AmazonS3FullAccess policy

{
  "Version": "2012-10-17",
  "Statement": [
    {
      "Effect": "Allow",
      "Action": "s3:*",
      "Resource": "*"
    }
  ]
}

1 Answer 1

3

I kept digging around and found that Amazon recommends to use multipart uploads for all files over 100M (http://docs.aws.amazon.com/AmazonS3/latest/dev/uploadobjusingmpu.html), which I guess what cyberduck is done.

All I had to do in the end is to add missing permissions (ListMultipartUploadParts and ListBucketMultipartUploads) to enable the multipart uploads.
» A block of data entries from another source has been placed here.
Lemma eq0_le_geometric (y K : R) : (forall n, `|y| <= q ^+ n * K) -> y = 0.
Proof.
move=> y_le; apply/normr0_eq0/le_anti; rewrite normr_ge0 andbT.
have cvg_K : (fun n => q ^+ n * K) @ \oo --> 0 * K.
  by apply: cvgMl; apply: cvg_expr; rewrite ger0_norm.
rewrite mul0r in cvg_K; rewrite -(cvg_lim _ cvg_K) //.
by apply: limr_ge; [apply/cvg_ex; exists 0 | exists 0%N].
Qed.

End discounted_series.

Section bounded_measurable.
Context d (T : measurableType d) (R : realType).
Implicit Types f g : T -> R.

Definition bounded_measurable f :=
  measurable_fun setT f /\ exists M, forall x, `|f x| <= M.

Lemma bounded_measurable_cst c : bounded_measurable (cst c).
Proof. by split => //; exists `|c|. Qed.

Lemma bounded_measurableD f g :
  bounded_measurable f -> bounded_measurable g -> bounded_measurable (f \+ g).
Proof.
move=> [mf [M f_M]] [mg [N g_N]]; split; first exact: measurable_funD.
by exists (M + N) => x; rewrite (le_trans (ler_normD _ _)) // lerD.
Qed.

Lemma bounded_measurableZ c f :
  bounded_measurable f -> bounded_measurable (c \*o f).
Proof.
move=> [mf [M f_M]]; split; first exact: measurable_funM.
by exists (`|c| * M) => x; rewrite normrM ler_wpM2l.
Qed.

Lemma bounded_measurableB f g :
  bounded_measurable f -> bounded_measurable g -> bounded_measurable (f \- g).
Proof.
move=> bf bg; have := bounded_measurableD bf (bounded_measurableZ (-1) bg).
by congr bounded_measurable; apply/funext => x /=; rewrite mulN1r.
Qed.
(* Let $p$ be an odd prime and $\chi$ a primitive Dirichlet character with odd conductor $f$. For every integer $n\ge0$, in $\mathbb Q_p(\chi)$, $$E_{n,\chi}=\lim_{N\to\infty}\sum_{a=1}^{fp^N}(-1)^a\chi(a)a^n .$$
   Context: We set $\chi(a)=0$ if $a$ is not prime to $f$. The generalized Euler numbers are defined by $2\sum_{a=1}^{f}\frac{(-1)^a\chi(a)e^{at}}{e^{ft}+1}=\sum_{n\ge0}E_{n,\chi}\frac{t^n}{n!}$; they lie in $\mathbb Q(\chi)$, viewed inside $\mathbb Q_p(\chi)$, the field generated over $\mathbb Q_p$ by the values of $\chi$. The limit is in the $p$-adic topology. *)

From HB Require Import structures.
From mathcomp Require Import all_boot all_order all_algebra algC algnum.
Set Implicit Arguments. Unset Strict Implicit. Unset Printing Implicit Defensive.
Import Order.TTheory GRing.Theory Num.Theory.
Local Open Scope ring_scope.

Definition dirichlet_char (f : nat) (chi : nat -> algC) : Prop :=
  [/\ (0 < f)%N,
      chi 1%N = 1,
      (forall a b : nat, chi (a * b)%N = chi a * chi b),
      (forall a : nat, chi (a + f)%N = chi a) &
      (forall a : nat, (chi a == 0) = ~~ coprime a f)].

Definition primitive_char (f : nat) (chi : nat -> algC) : Prop :=
  dirichlet_char f chi /\
  forall d : nat, (d %| f)%N -> (d < f)%N ->
    ~ (forall a : nat, coprime a f -> (a %% d = 1 %% d)%N -> chi a = 1).

Definition expT (c : algC) (n : nat) : {poly algC} :=
  \poly_(k < n.+1) (c ^+ k / (k`!)%:R).

(* E : nat -> algC are the generalized Euler numbers E_{n,chi}:
   (sum_n E_n t^n/n!) * (e^{f t} + 1) = 2 sum_{a=1}^f (-1)^a chi(a) e^{a t}
   as formal power series, i.e. modulo t^{n+1} for every n. *)
Definition gen_euler (f : nat) (chi : nat -> algC) (E : nat -> algC) : Prop :=
  forall n : nat,
    modp ((\poly_(k < n.+1) (E k / (k`!)%:R)) * (expT f%:R n + 1)) 'X^(n.+1) =
    2%:R *: \sum_(1 <= a < f.+1) (((-1) ^+ a * chi a) *: expT a%:R n).

(* p-adic convergence in Q(chi) (inside algC), simultaneously at all primes
   above p: for every k, eventually (u N - l) / p^k is p-integral, i.e.
   d * (u N - l) / p^k is an algebraic integer for some d prime to p. *)
Definition padic_cvg (p : nat) (u : nat -> algC) (l : algC) : Prop :=
  forall k : nat, exists N0 : nat, forall N : nat, (N0 <= N)%N ->
    exists d : nat, coprime d p /\
      (d%:R * (u N - l) / (p%:R ^+ k)) \in Aint.

Definition euler_partial (p f : nat) (chi : nat -> algC) (n N : nat) : algC :=
  \sum_(1 <= a < (f * p ^ N).+1) (-1) ^+ a * chi a * (a%:R) ^+ n.

From mathcomp Require Import all_boot all_order all_algebra algC algnum.
From mathcomp Require Import ring.
From mathcomp Require cyclic.
Set Implicit Arguments. Unset Strict Implicit. Unset Printing Implicit Defensive.
Import Order.TTheory GRing.Theory Num.Theory.
Local Open Scope ring_scope.

(* Write M = K f with K odd (K = p^N in the theorem).  Since f and K are odd,
   sum_(a <= M) (-1)^a chi(a) e^(a t) = G(t) * sum_(j < K) (-1)^j e^(j f t),
   where 2 G(t) = E(t) (e^(f t) + 1), and
   (e^(f t) + 1) sum_(j < K) (-1)^j e^(j f t) telescopes to 1 + e^(M t).  Comparing coefficients of t^n gives
   2 S_M = E_n + sum_(i <= n) C(n, i) E_i M^(n - i),
   where S_M is the partial sum.  The case K = 1 shows by induction that
   2^(n+1) E_n is an algebraic integer, so 2^(n+1) (S_M - E_n) is M times an
   algebraic integer, and p^N divides M. *)

Lemma natr_fact_neq0 (R : numDomainType) k : (k`!)%:R != 0 :> R.
Proof. by rewrite pnatr_eq0 -lt0n fact_gt0. Qed.

Lemma natr_bin_fact (R : numFieldType) k i : (i <= k)%N ->
  'C(k, i)%:R = (k`!)%:R / ((i`!)%:R * ((k - i)`!)%:R) :> R.
Proof.
move=> le_ik; rewrite -(bin_fact le_ik) !natrM mulfK //.
by rewrite mulf_neq0 // natr_fact_neq0.
Qed.

Lemma modp_sum (R : fieldType) (I : Type) (r : seq I) (P : pred I)
    (F : I -> {poly R}) (d : {poly R}) :
  modp (\sum_(i <- r | P i) F i) d = \sum_(i <- r | P i) modp (F i) d.
Proof.
by apply: (big_morph (fun p => modp p d)) => [p q|]; rewrite ?modpD ?mod0p.
Qed.

Lemma coef_modXn (R : fieldType) (p : {poly R}) n k :
  (modp p 'X^n)`_k = if (k < n)%N then p`_k else 0.
Proof. by rewrite -Pdiv.IdomainMonic.take_poly_modp coef_take_poly. Qed.

Lemma coef_expT c n k :
  (expT c n)`_k = if (k < n.+1)%N then c ^+ k / (k`!)%:R else 0.
Proof. exact: coef_poly. Qed.

Lemma expT0 n : expT 0 n = 1.
Proof.
apply/polyP => -[|k]; rewrite coef_expT coef1 /= ?expr0 ?divr1 //.
by rewrite expr0n mul0r if_same.
Qed.

Lemma modXn_expT_mul c d n :
  modp (expT c n * expT d n) 'X^(n.+1) = expT (c + d) n.
Proof.
apply/polyP => k; rewrite coef_modXn coef_expT.
case: ifP => // lt_kn; rewrite coefM addrC exprDn mulr_suml.
apply: eq_bigr => i _; have le_ik : (i <= k)%N by rewrite -ltnS.
rewrite !coef_expT (leq_ltn_trans le_ik lt_kn).
rewrite (leq_ltn_trans (leq_subr i k) lt_kn) -[_ *+ 'C(k, i)]mulr_natr.
rewrite natr_bin_fact //.
by field; rewrite !natr_fact_neq0.
Qed.

Definition egf (E : nat -> algC) (n : nat) : {poly algC} :=
  \poly_(k < n.+1) (E k / (k`!)%:R).

Lemma coef_egf_fact E n m : (m <= n)%N -> (egf E n)`_m * (m`!)%:R = E m.
Proof. by move=> le_mn; rewrite coef_poly ltnS le_mn divfK ?natr_fact_neq0. Qed.

Lemma coef_egf_expT_fact E n c m : (m <= n)%N ->
  (modp (egf E n * expT c n) 'X^(n.+1))`_m * (m`!)%:R
    = \sum_(i < m.+1) 'C(m, i)%:R * E i * c ^+ (m - i).
Proof.
move=> le_mn; rewrite coef_modXn ltnS le_mn coefM mulr_suml.
apply: eq_bigr => i _; have le_im : (i <= m)%N by rewrite -ltnS.
rewrite coef_poly coef_expT !ltnS (leq_trans le_im le_mn).
rewrite (leq_trans (leq_subr i m) le_mn) natr_bin_fact //.
by field; rewrite !natr_fact_neq0.
Qed.

Definition alt_char_exp (chi : nat -> algC) (n M : nat) : {poly algC} :=
  \sum_(1 <= a < M.+1) ((-1) ^+ a * chi a) *: expT a%:R n.

Definition alt_char_sum (chi : nat -> algC) (n M : nat) : algC :=
  \sum_(1 <= a < M.+1) (-1) ^+ a * chi a * a%:R ^+ n.

Lemma coef_alt_char_exp_fact chi n M :
  (alt_char_exp chi n M)`_n * (n`!)%:R = alt_char_sum chi n M.
Proof.
rewrite coef_sum mulr_suml; apply: eq_bigr => a _.
by rewrite coefZ coef_expT ltnS leqnn -mulrA divfK ?natr_fact_neq0.
Qed.

Lemma periodic_addMn (T : Type) (g : nat -> T) f :
  (forall a, g (a + f)%N = g a) -> forall b j, g (b + j * f)%N = g b.
Proof.
by move=> g_periodic b; elim=> [|j IH]; rewrite ?addn0 // mulSnr addnA g_periodic.
Qed.

Lemma big_nat_blocks (V : nmodType) (F : nat -> V) f K :
  \sum_(1 <= a < (K * f).+1) F a
    = \sum_(0 <= j < K) \sum_(1 <= b < f.+1) F (b + j * f)%N.
Proof.
elim: K => [|K IH]; first by rewrite mul0n !big_geq.
rewrite [in RHS]big_nat_recr //= -IH mulSnr.
rewrite (@big_cat_nat _ _ _ (K * f).+1) //=; last by rewrite ltnS leq_addr.
congr (_ + _).
by rewrite -{1}(add1n (K * f)) big_addn -addnS addKn.
Qed.

Lemma modXn_expT_alt_telescope f n K : odd K ->
  modp ((expT f%:R n + 1) * \sum_(0 <= j < K) (-1) ^+ j *: expT (j * f)%:R n)
       'X^(n.+1) = 1 + expT (K * f)%:R n.
Proof.
move=> oddK; rewrite -(expT0 n) mulr_sumr modp_sum.
rewrite (telescope_sumr_eq (fun j => - ((-1) ^+ j *: expT (j * f)%:R n))) //.
  by rewrite -signr_odd oddK mul0n expr0 expr1 scaleN1r scale1r !opprK addrC.
move=> j _; rewrite -scalerAr modpZl mulrDl modpD !modXn_expT_mul add0r.
by rewrite -natrD -mulSn exprS mulN1r scaleNr !opprK scalerDr.
Qed.

Lemma modXn_alt_char_exp_periods chi f n K :
  odd f -> (forall a, chi (a + f)%N = chi a) ->
  modp (alt_char_exp chi n f * \sum_(0 <= j < K) (-1) ^+ j *: expT (j * f)%:R n)
       'X^(n.+1) = alt_char_exp chi n (K * f).
Proof.
move=> oddf chi_periodic.
have sign_Mf j : (-1) ^+ (j * f) = (-1) ^+ j :> algC.
  by rewrite mulnC exprM -signr_odd oddf expr1.
rewrite /alt_char_exp big_nat_blocks mulr_suml modp_sum exchange_big /=.
apply: eq_bigr => j _; rewrite mulr_sumr modp_sum; apply: eq_bigr => b _.
rewrite -scalerAl -scalerAr !modpZl modXn_expT_mul -natrD scalerA.
by rewrite (periodic_addMn chi_periodic) exprD sign_Mf mulrAC.
Qed.

Lemma coef_egf_1DexpT_fact E n c :
  (modp (egf E n * (1 + expT c n)) 'X^(n.+1))`_n * (n`!)%:R
    = E n + \sum_(i < n.+1) 'C(n, i)%:R * E i * c ^+ (n - i).
Proof.
rewrite mulrDr modpD coefD mulrDl mulr1 coef_egf_expT_fact //.
by rewrite coef_modXn ltnS leqnn coef_egf_fact.
Qed.

Lemma gen_euler_alt_char_sum f chi E n :
  gen_euler f chi E ->
  2%:R * alt_char_sum chi n f
    = E n + \sum_(i < n.+1) 'C(n, i)%:R * E i * f%:R ^+ (n - i).
Proof.
move=> hE; rewrite -coef_alt_char_exp_fact mulrA -coefZ -(hE n) addrC.
exact: coef_egf_1DexpT_fact.
Qed.

Lemma gen_euler_alt_char_sum_periods f chi E n K :
  odd f -> odd K -> (forall a, chi (a + f)%N = chi a) -> gen_euler f chi E ->
  2%:R * alt_char_sum chi n (K * f)
    = E n + \sum_(i < n.+1) 'C(n, i)%:R * E i * (K * f)%:R ^+ (n - i).
Proof.
move=> oddf oddK chi_periodic hE.
have egf_id : 2%:R *: alt_char_exp chi n (K * f)
    = modp (egf E n * (1 + expT (K * f)%:R n)) 'X^(n.+1).
  rewrite -(modXn_alt_char_exp_periods n K oddf chi_periodic).
  rewrite -modpZl scalerAl -[2%:R *: _](hE n) mulrC modp_mul mulrCA.
  by rewrite [_ * (expT _ _ + 1)]mulrC -modp_mul modXn_expT_alt_telescope.
by rewrite -coef_alt_char_exp_fact mulrA -coefZ egf_id coef_egf_1DexpT_fact.
Qed.

Lemma dirichlet_char_Aint f chi a : dirichlet_char f chi -> chi a \in Aint.
Proof.
case=> f_gt0 chi1 chiM chi_periodic chi_eq0.
have chi_modn b : chi b = chi (b %% f)%N.
  by rewrite {1}(divn_eq b f) addnC periodic_addMn.
have [coprime_af | not_coprime] := boolP (coprime a f); last first.
  by move: not_coprime; rewrite -chi_eq0 => /eqP ->; apply: rpred0.
have chiX k : chi (a ^ k)%N = chi a ^+ k.
  by elim: k => [|k IH]; rewrite ?expn0 ?expr0 // expnS exprS chiM IH.
apply: (@Aint_unity_root (totient f)); first by rewrite totient_gt0.
by rewrite unity_rootE -chiX chi_modn cyclic.Euler_exp_totient // -chi_modn chi1.
Qed.

Lemma alt_char_sum_Aint f chi n M :
  dirichlet_char f chi -> alt_char_sum chi n M \in Aint.
Proof.
move=> hchi; apply: rpred_sum => a _.
by rewrite !rpredM ?rpredX ?rpredN ?rpred1 ?rpred_nat
  ?(dirichlet_char_Aint a hchi).
Qed.

Lemma exp2_binomial_sum (R : comNzRingType) (E : nat -> R) (x : R) m :
  2%:R ^+ m * \sum_(i < m) 'C(m, i)%:R * E i * x ^+ (m - i)
    = \sum_(i < m) 'C(m, i)%:R * 2%:R ^+ (m - i.+1) * (2%:R ^+ i.+1 * E i)
                   * x ^+ (m - i).
Proof.
rewrite mulr_sumr; apply: eq_bigr => i _.
by rewrite -[m in 2%:R ^+ m](subnK (ltn_ord i)) exprD; ring.
Qed.

Lemma euler_exp2_Aint f chi E m :
  dirichlet_char f chi -> gen_euler f chi E -> 2%:R ^+ m.+1 * E m \in Aint.
Proof.
move=> hchi hE; elim/ltn_ind: m => m IH.
have := gen_euler_alt_char_sum m hE.
rewrite big_ord_recr /= binn subnn expr0 mulr1 mul1r => sum_id.
have -> : 2%:R ^+ m.+1 * E m = 2%:R ^+ m * (2%:R * alt_char_sum chi m f)
    - 2%:R ^+ m * \sum_(i < m) 'C(m, i)%:R * E i * f%:R ^+ (m - i).
  by rewrite sum_id exprSr; ring.
rewrite exp2_binomial_sum rpredB ?rpredM ?rpredX ?rpred_nat //.
  exact: alt_char_sum_Aint hchi.
apply: rpred_sum => i _.
by rewrite rpredM ?rpredX ?rpred_nat // rpredM ?IH // rpredM ?rpredX ?rpred_nat.
Qed.

Lemma natr_expS_div_Aint d M k :
  (d %| M)%N -> (M%:R ^+ k.+1 / d%:R : algC) \in Aint.
Proof.
case/dvdnP=> q ->; have [-> | d_neq0] := eqVneq d 0.
  by rewrite invr0 mulr0 rpred0.
rewrite exprS natrM mulrAC mulfK ?pnatr_eq0 //.
by rewrite rpredM ?rpredX ?rpredM ?rpred_nat.
Qed.

Lemma alt_char_sum_sub_euler_Aint f chi E n K d :
  odd f -> odd K -> dirichlet_char f chi -> gen_euler f chi E ->
  (d %| K * f)%N ->
  (2 ^ n.+1)%:R * (alt_char_sum chi n (K * f) - E n) / d%:R \in Aint.
Proof.
move=> oddf oddK hchi hE dvd_d.
have chi_periodic : forall a, chi (a + f)%N = chi a by case: hchi.
have := gen_euler_alt_char_sum_periods n oddf oddK chi_periodic hE.
rewrite big_ord_recr /= binn subnn expr0 mulr1 mul1r => sum_id.
have -> : (2 ^ n.+1)%:R * (alt_char_sum chi n (K * f) - E n)
    = 2%:R ^+ n * \sum_(i < n) 'C(n, i)%:R * E i * (K * f)%:R ^+ (n - i).
  by rewrite natrX exprSr -mulrA mulrBr sum_id; ring.
rewrite exp2_binomial_sum mulr_suml; apply: rpred_sum => i _.
rewrite -(subnSK (ltn_ord i)) -[_ / d%:R]mulrA rpredM ?natr_expS_div_Aint //.
by rewrite rpredM ?(euler_exp2_Aint _ hchi hE) // rpredM ?rpredX ?rpred_nat.
Qed.

Theorem lemma2p1 (p f : nat) (chi : nat -> algC) (E : nat -> algC) :
  prime p -> odd p -> odd f -> primitive_char f chi -> gen_euler f chi E ->
  forall n : nat, padic_cvg p (euler_partial p f chi n) (E n).
Proof.
move=> _ oddp oddf [hchi _] hE n k.
exists k => N le_kN; exists (2 ^ n.+1)%N; split.
  by rewrite coprimeXl // coprime2n.
have -> : euler_partial p f chi n N = alt_char_sum chi n (p ^ N * f).
  by rewrite mulnC.
rewrite -natrX; apply: alt_char_sum_sub_euler_Aint => //.
  by rewrite oddX oddp orbT.
by rewrite dvdn_mulr // dvdn_exp2l.
Qed.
Now my policy looks like this

{
    "Version": "2012-10-17",
    "Statement": [
        {
            "Effect": "Allow",
            "Action": [
                "s3:ListMultipartUploadParts"
            ],
            "Resource": "arn:aws:s3:::*"
        },
        {
            "Effect": "Allow",
            "Action": [
                "s3:ListBucket",
                "s3:GetBucketLocation",
                "s3:ListMultipartUploadParts",
                "s3:ListBucketMultipartUploads"
            ],
            "Resource": "arn:aws:s3:::photoshoot2016"
        },
        {
            "Effect": "Allow",
            "Action": [
                "s3:PutObject",
                "s3:GetObject",
                "s3:DeleteObject"
            ],
            "Resource": "arn:aws:s3:::photoshoot2016/*"
        }
    ]
}

I found the main clue by enabling bucket logging which which had a lot of "AccessDenied 243" errors for REST.GET.UPLOADS. Amazon's Policy Simulator came very useful as well to figure out what was missing and where it should be placed.